Abstract

Problem Preterm birth is commonly preceded by preterm labor, a syndrome that is causally linked to both intra-amniotic infection and intra-amniotic inflammation. However, the stereotypical cellular immune responses in these two clinical conditions are poorly understood. Method of study Amniotic fluid samples (n = 26) were collected from women diagnosed with preterm labor and intra-amniotic infection (amniotic fluid IL-6 concentrations >= 2.6 ng/mL and culturable microorganisms, n = 10) or intra-amniotic inflammation (amniotic fluid IL-6 concentrations >= 2.6 ng/mL without culturable microorganisms, n = 16).
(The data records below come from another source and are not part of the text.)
(* For a pi-reversible K, let <u, v> = sum_x pi x u x v x and let
   E_K(h) = <h, h - K h> be the Dirichlet form, which is nonnegative.  If x
   has pi-mean zero and g solves the Poisson equation g - K g = x (solvable
   when K is irreducible, since then only constants are K-harmonic), the
   correlations of the stationary chain telescope to
   v(x, K) = 2 <x, g> - <x, x>, and self-adjointness of K gives
   <x, g> = sup_y (2 <x, y> - E_K(y)).  Hence P' efficiency-dominates P iff
   E_P <= E_P' pointwise.  Since E_{aP + (1-a)Q} = a E_P + (1-a) E_Q with
   a > 0, this criterion is unchanged by mixing with Q. *)

Lemma linear_onto_lker (F : fieldType) (V : vectType F) (f : V -> V)
    (m : V -> F^o) (v1 : V) :
  linear f -> linear m -> m v1 != 0 ->
  (forall v, f v = 0 -> v \in <[v1]>%VS) -> (forall v, m (f v) = 0) ->
  forall x, m x = 0 -> exists v, f v = x.
Proof.
move=> f_lin m_lin mv1 ker_f mf0 x mx0.
pose Lf := linfun (HB.pack f (GRing.isLinear.Build _ _ _ _ f f_lin) : {linear V -> V}).
pose Lm := linfun (HB.pack m (GRing.isLinear.Build _ _ _ _ m m_lin) : {linear V -> F^o}).
have := limg_ker_dim Lf fullv; rewrite capfv => rank_f.
have := limg_ker_dim Lm fullv; rewrite capfv => rank_m.
have dim_ker_f : (\dim (lker Lf) <= 1)%N.
  have /dimvS : (lker Lf <= <[v1]>)%VS.
    by apply/subvP => v; rewrite memv_ker lfunE => /eqP /ker_f.
  by rewrite dim_vline; case: (v1 != 0) => // /leq_trans; apply.
have dim_img_m : (1 <= \dim (Lm @: fullv))%N.
  have /dimvS : (<[m v1]> <= Lm @: fullv)%VS.
    have -> : m v1 = Lm v1 by rewrite lfunE.
    by rewrite -memvE memv_img ?memvf.
  by rewrite dim_vline mv1.
have img_f_sub : (Lf @: fullv <= lker Lm)%VS.
  by apply/subvP => _ /memv_imgP [u _ ->]; rewrite memv_ker !lfunE /= mf0.
have dim_ker_m : (\dim (lker Lm) <= \dim (Lf @: fullv))%N.
  rewrite -(leq_add2r (\dim (Lm @: fullv))) rank_m -rank_f addnC leq_add //.
  exact: leq_trans dim_ker_f dim_img_m.
have /eqP img_f : (Lf @: fullv == lker Lm)%VS.
  by rewrite -(dimv_leqif_eq img_f_sub).2 eqn_leq dim_ker_m dimvS.
have : x \in lker Lm by rewrite memv_ker lfunE /= mx0.
by rewrite -img_f => /memv_imgP [u _ ->]; exists u; rewrite lfunE.
Qed.

Section ReversibleChain.
Variables (R : realType) (S : finType) (pi : S -> R) (K : S -> S -> R).
Hypothesis pi_distr : is_distribution pi.
Hypothesis K_trans : is_transition K.
Hypothesis K_rev : reversible pi K.

Definition dot (u v : S -> R) := \sum_x pi x * u x * v x.
Definition kmul (h : S -> R) : S -> R := fun x => \sum_y K x y * h y.
Definition dirichlet (h : S -> R) := dot h h - dot h (kmul h).

Lemma dotC u v : dot u v = dot v u.
Proof. by apply: eq_bigr => x _; ring. Qed.

Lemma dotBl u v w : dot (fun x => u x - v x) w = dot u w - dot v w.
Proof. by rewrite /dot -sumrB; apply: eq_bigr => x _; ring. Qed.

Lemma dotBr u v w : dot u (fun x => v x - w x) = dot u v - dot u w.
Proof. by rewrite /dot -sumrB; apply: eq_bigr => x _; ring. Qed.

Lemma dot_linr u v w b c :
  dot w (fun x => b * u x + c * v x) = b * dot w u + c * dot w v.
Proof. by rewrite /dot !mulr_sumr -big_split; apply: eq_bigr => x _ /=; ring. Qed.

Lemma dot1_const c : dot (fun=> 1) (fun=> c) = c.
Proof.
rewrite /dot (eq_bigr (fun x => pi x * c)) => [|x _]; last by rewrite mulr1.
by rewrite -big_distrl /= pi_distr.2 mul1r.
Qed.

Lemma kmulB u v : kmul (fun x => u x - v x) = fun x => kmul u x - kmul v x.
Proof. by apply: funext => x; rewrite /kmul -sumrB; apply: eq_bigr => y _; ring. Qed.

Lemma kmul_const c : kmul (fun=> c) = fun=> c.
Proof. by apply: funext => x; rewrite /kmul -big_distrl /= K_trans.2 mul1r. Qed.

Lemma iter_kmul_const n c : iter n kmul (fun=> c) = fun=> c.
Proof. by elim: n => //= n ->; rewrite kmul_const. Qed.

Lemma stationary y : \sum_x pi x * K x y = pi y.
Proof. by under eq_bigr do rewrite K_rev; rewrite -mulr_sumr K_trans.2 mulr1. Qed.

Lemma dot_kmul u v : dot u (kmul v) = dot (kmul u) v.
Proof.
rewrite /dot /kmul.
under eq_bigr do rewrite mulr_sumr.
under [RHS]eq_bigr do rewrite mulr_sumr mulr_suml.
rewrite exchange_big; apply: eq_bigr => x _; apply: eq_bigr => y _.
rewrite [LHS](_ : _ = pi y * K y x * (u y * v x)); last ring.
by rewrite K_rev; ring.
Qed.

Lemma dot1_kmul h : dot (fun=> 1) (kmul h) = dot (fun=> 1) h.
Proof. by rewrite dot_kmul kmul_const. Qed.

Lemma dirichletE h :
  dirichlet h = (\sum_x \sum_y pi x * K x y * (h x - h y) ^+ 2) / 2.
Proof.
have sq_l : \sum_x \sum_y pi x * K x y * h x ^+ 2 = dot h h.
  apply: eq_bigr => x _; rewrite -big_distrl -big_distrr K_trans.2 /=; ring.
have sq_r : \sum_x \sum_y pi x * K x y * h y ^+ 2 = dot h h.
  rewrite exchange_big; apply: eq_bigr => y _; rewrite -big_distrl stationary /=; ring.
have cross : \sum_x \sum_y pi x * K x y * (h x * h y) = dot h (kmul h).
  apply: eq_bigr => x _; rewrite /kmul mulr_sumr; apply: eq_bigr => y _; ring.
have -> : \sum_x \sum_y pi x * K x y * (h x - h y) ^+ 2 =
    \sum_x \sum_y pi x * K x y * h x ^+ 2 + \sum_x \sum_y pi x * K x y * h y ^+ 2
    - 2 * \sum_x \sum_y pi x * K x y * (h x * h y).
  rewrite mulr_sumr -big_split -sumrB; apply: eq_bigr => x _.
  rewrite mulr_sumr -big_split -sumrB; apply: eq_bigr => y _ /=; ring.
by rewrite sq_l sq_r cross /dirichlet; field.
Qed.

Lemma dirichlet_ge0 h : 0 <= dirichlet h.
Proof.
rewrite dirichletE divr_ge0 //; apply: sumr_ge0 => x _; apply: sumr_ge0 => y _.
by rewrite mulr_ge0 ?sqr_ge0 // mulr_ge0 ?K_trans.1 // ltW // pi_distr.1.
Qed.

Lemma dirichletB u v :
  dirichlet (fun x => u x - v x) =
  dirichlet u - 2 * dot u (fun x => v x - kmul v x) + dirichlet v.
Proof.
by rewrite /dirichlet kmulB !dotBl !dotBr (dotC v u) (dotC v (kmul u)) -dot_kmul; ring.
Qed.

End ReversibleChain.

Section Trajectories.
Variables (R : realType) (S : finType) (pi : S -> R) (K : S -> S -> R).

Definition extend n (w : {ffun 'I_n.+1 -> S}) (y : S) : {ffun 'I_n.+2 -> S} :=
  [ffun i : 'I_n.+2 => if (i < n.+1)%N then w (inord i) else y].

Lemma extend_lt n (w : {ffun 'I_n.+1 -> S}) y (i : 'I_n.+2) (j : 'I_n.+1) :
  i = j :> nat -> extend w y i = w j.
Proof.
by move=> ij; rewrite ffunE ij ltn_ord; congr (w _); apply: val_inj; rewrite /= inordK.
Qed.

Lemma extend_max n (w : {ffun 'I_n.+1 -> S}) y : extend w y ord_max = y.
Proof. by rewrite ffunE /= ltnn. Qed.

Lemma path_prob_extend n (w : {ffun 'I_n.+1 -> S}) y :
  path_prob pi K (extend w y) = path_prob pi K w * K (w ord_max) y.
Proof.
rewrite /path_prob big_ord_recr /=; congr (_ * _).
  apply: eq_bigr => -[[|k] lt_k] _ /=; first by congr (pi _); apply: extend_lt.
  have lt_k1 : (k < n.+2)%N by apply: ltn_trans (ltnW lt_k) _.
  have lt_k2 : (k < n.+1)%N by apply: ltnW.
  rewrite (insubT (fun i => i < n.+2)%N lt_k1) (insubT (fun i => i < n.+1)%N lt_k2) /=.
  by rewrite (@extend_lt _ _ _ _ (Ordinal lt_k2)) // (@extend_lt _ _ _ _ (Ordinal lt_k)).
rewrite (insubT (fun i => i < n.+2)%N (ltnW (ltnSn n.+1))) /= extend_max.
by rewrite (@extend_lt _ _ _ _ ord_max).
Qed.

Lemma sum_ffun_extend n (F : {ffun 'I_n.+2 -> S} -> R) :
  \sum_(w' : {ffun 'I_n.+2 -> S}) F w' =
  \sum_(w : {ffun 'I_n.+1 -> S}) \sum_(y : S) F (extend w y).
Proof.
rewrite pair_big /= (reindex (fun p : {ffun 'I_n.+1 -> S} * S => extend p.1 p.2)) //=.
exists (fun w' => ([ffun j => w' (widen_ord (leqnSn _) j)], w' ord_max)).
  move=> [w y] _; rewrite extend_max; congr (_, _); apply/ffunP => j.
  by rewrite ffunE (@extend_lt _ _ _ _ j).
move=> w' _; apply/ffunP => i; rewrite ffunE /=; case: ifP => lt_i.
  by rewrite ffunE; congr (w' _); apply: val_inj; rewrite /= inordK.
congr (w' _); apply: val_inj => /=.
by have := ltn_ord i; rewrite ltnS leq_eqVlt lt_i orbF => /eqP.
Qed.

Lemma pathE_markov n (g : {ffun 'I_n.+2 -> S} -> R) :
  pathE pi K g = pathE pi K (fun w : {ffun 'I_n.+1 -> S} =>
     \sum_(y : S) K (w ord_max) y * g (extend w y)).
Proof.
rewrite /pathE sum_ffun_extend; apply: eq_bigr => w _.
by rewrite big_distrr; apply: eq_bigr => y _ /=; rewrite path_prob_extend mulrA.
Qed.

Lemma pathE_ord1 (g : {ffun 'I_1 -> S} -> R) :
  pathE pi K g = \sum_(x : S) pi x * g [ffun => x].
Proof.
rewrite /pathE (reindex (fun x : S => [ffun => x] : {ffun 'I_1 -> S})) /=.
  by apply: eq_bigr => x _; rewrite /path_prob big_ord1 /= ffunE.
exists (fun w : {ffun 'I_1 -> S} => w ord0) => [x _ | w _]; first by rewrite ffunE.
by apply/ffunP => i; rewrite ffunE (ord1 i).
Qed.

Lemma eq_pathE n (g1 g2 : {ffun 'I_n -> S} -> R) :
  g1 =1 g2 -> pathE pi K g1 = pathE pi K g2.
Proof. by move=> eq_g; apply: eq_bigr => w _; rewrite eq_g. Qed.

Lemma pathED n (g1 g2 : {ffun 'I_n -> S} -> R) :
  pathE pi K (fun w => g1 w + g2 w) = pathE pi K g1 + pathE pi K g2.
Proof. by rewrite /pathE -big_split; apply: eq_bigr => w _; rewrite mulrDr. Qed.

Lemma pathEZ n c (g : {ffun 'I_n -> S} -> R) :
  pathE pi K (fun w => c * g w) = c * pathE pi K g.
Proof. by rewrite /pathE big_distrr; apply: eq_bigr => w _ /=; ring. Qed.

Definition psum n (f : S -> R) (w : {ffun 'I_n -> S}) := \sum_(i < n) f (w i).

Lemma psum_extend n f (w : {ffun 'I_n.+1 -> S}) y :
  psum f (extend w y) = psum f w + f y.
Proof.
rewrite /psum big_ord_recr /= extend_max; congr (_ + _).
by apply: eq_bigr => i _; rewrite (@extend_lt _ _ _ _ i).
Qed.

End Trajectories.

Section Moments.
Variables (R : realType) (S : finType) (pi : S -> R) (K : S -> S -> R).
Hypothesis pi_distr : is_distribution pi.
Hypothesis K_trans : is_transition K.
Hypothesis K_rev : reversible pi K.

Lemma pathE_last n h :
  pathE pi K (fun w : {ffun 'I_n.+1 -> S} => h (w ord_max)) = dot pi (fun=> 1) h.
Proof.
elim: n h => [|n IHn] h.
  by rewrite pathE_ord1; apply: eq_bigr => x _; rewrite ffunE mulr1.
rewrite pathE_markov (@eq_pathE _ _ _ _ _ _ (fun w => kmul K h (w ord_max))).
  by rewrite IHn (dot1_kmul K_trans K_rev).
by move=> w; apply: eq_bigr => y _; rewrite extend_max.
Qed.

Lemma pathE_const n c : pathE pi K (fun _ : {ffun 'I_n.+1 -> S} => c) = c.
Proof.
rewrite (@eq_pathE _ _ _ _ _ _ (fun w => (fun=> c) (w ord_max))) //.
by rewrite pathE_last (dot1_const pi_distr).
Qed.

Lemma pathE_psum_last x n h :
  pathE pi K (fun w : {ffun 'I_n.+1 -> S} => psum x w * h (w ord_max)) =
  \sum_(k < n.+1) dot pi x (iter k (kmul K) h).
Proof.
elim: n h => [|n IHn] h.
  rewrite pathE_ord1 big_ord1 /=; apply: eq_bigr => s _.
  by rewrite /psum big_ord1 !ffunE; ring.
rewrite pathE_markov (@eq_pathE _ _ _ _ _ _ (fun w => psum x w * kmul K h (w ord_max) +
            (fun s => kmul K (fun t => x t * h t) s) (w ord_max))); last first.
  move=> w; rewrite /kmul mulr_sumr -big_split; apply: eq_bigr => y _ /=.
  by rewrite psum_extend extend_max; ring.
rewrite pathED IHn pathE_last (dot1_kmul K_trans K_rev) [RHS]big_ord_recl /= addrC.
congr (_ + _).
  by apply: eq_bigr => s _ /=; ring.
by apply: eq_bigr => k _; rewrite /= add0n -iterS iterSr.
Qed.

Lemma pathE_psum_sqrS x n :
  pathE pi K (fun w : {ffun 'I_n.+2 -> S} => psum x w ^+ 2) =
  pathE pi K (fun w : {ffun 'I_n.+1 -> S} => psum x w ^+ 2) +
  2 * pathE pi K (fun w : {ffun 'I_n.+1 -> S} => psum x w * kmul K x (w ord_max)) +
  dot pi x x.
Proof.
rewrite pathE_markov (@eq_pathE _ _ _ _ _ _ (fun w =>
    (psum x w ^+ 2 + 2 * (psum x w * kmul K x (w ord_max))) +
    (fun s => kmul K (fun t => x t * x t) s) (w ord_max))); last first.
  move=> w; rewrite /kmul.
  have -> : psum x w ^+ 2 = \sum_y K (w ord_max) y * psum x w ^+ 2.
    by rewrite -big_distrl /= K_trans.2 mul1r.
  rewrite mulr_sumr mulr_sumr -!big_split; apply: eq_bigr => y _ /=.
  by rewrite psum_extend; ring.
rewrite !pathED pathEZ pathE_last (dot1_kmul K_trans K_rev); congr (_ + _).
by apply: eq_bigr => s _; ring.
Qed.

End Moments.

Lemma limn_eq_of_bound (R : realType) (u : nat -> R) (c B : R) :
  (forall n, `|u n.+1 - c| <= B / n.+1%:R) -> limn u = c.
Proof.
move=> u_bound.
have Bharm : ((fun n => B * harmonic n) @ \oo --> (0 : R))%classic.
  by rewrite -(mulr0 B); apply: cvgMl_tmp; exact: cvg_harmonic.
have : ([sequence u n.+1]_n @ \oo --> c)%classic.
  apply: (@squeeze_cvgr _ _ _ _ (fun n => c - B * harmonic n)
                                (fun n => c + B * harmonic n)).
  - apply: nearW => n /=; have := u_bound n; rewrite ler_norml /harmonic /=.
    by set e := B / _; move=> /andP [? ?]; apply/andP; split; lra.
  - by have := cvgB (cvg_cst c) Bharm; rewrite subr0; apply; exact: _.
  - by have := cvgD (cvg_cst c) Bharm; rewrite addr0; apply; exact: _.
by rewrite cvg_shiftS => /cvg_lim; apply.
Qed.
Flow cytometry was performed to evaluate the phenotype and number of amniotic fluid leukocytes. Amniotic fluid concentrations of classical pro-inflammatory cytokines, type 1 and type 2 cytokines, and T-cell chemokines were determined using immunoassays. Results Women with spontaneous preterm labor and intra-amniotic infection had (a) a greater number of total leukocytes, including neutrophils and monocytes/macrophages, in amniotic fluid; (b) a higher number of total T cells and CD4(+) T cells, but not CD8(+) T cells or B cells, in amniotic fluid; and (c) increased amniotic fluid concentrations of IL-6, IL-1 beta, and IL-10, compared to those with intra-amniotic inflammation. However, no differences in amniotic fluid concentrations of T-cell cytokines and chemokines were observed between these two clinical conditions. Conclusion The cellular immune responses observed in women with preterm labor and intra-amniotic infection are more severe than in those with intra-amniotic inflammation, and neutrophils, monocytes/macrophages, and CD4(+) T cells are the main immune cells responding to microorganisms that invade the amniotic cavity. These findings provide insights into the intra-amniotic immune mechanisms underlying the human syndrome of preterm labor.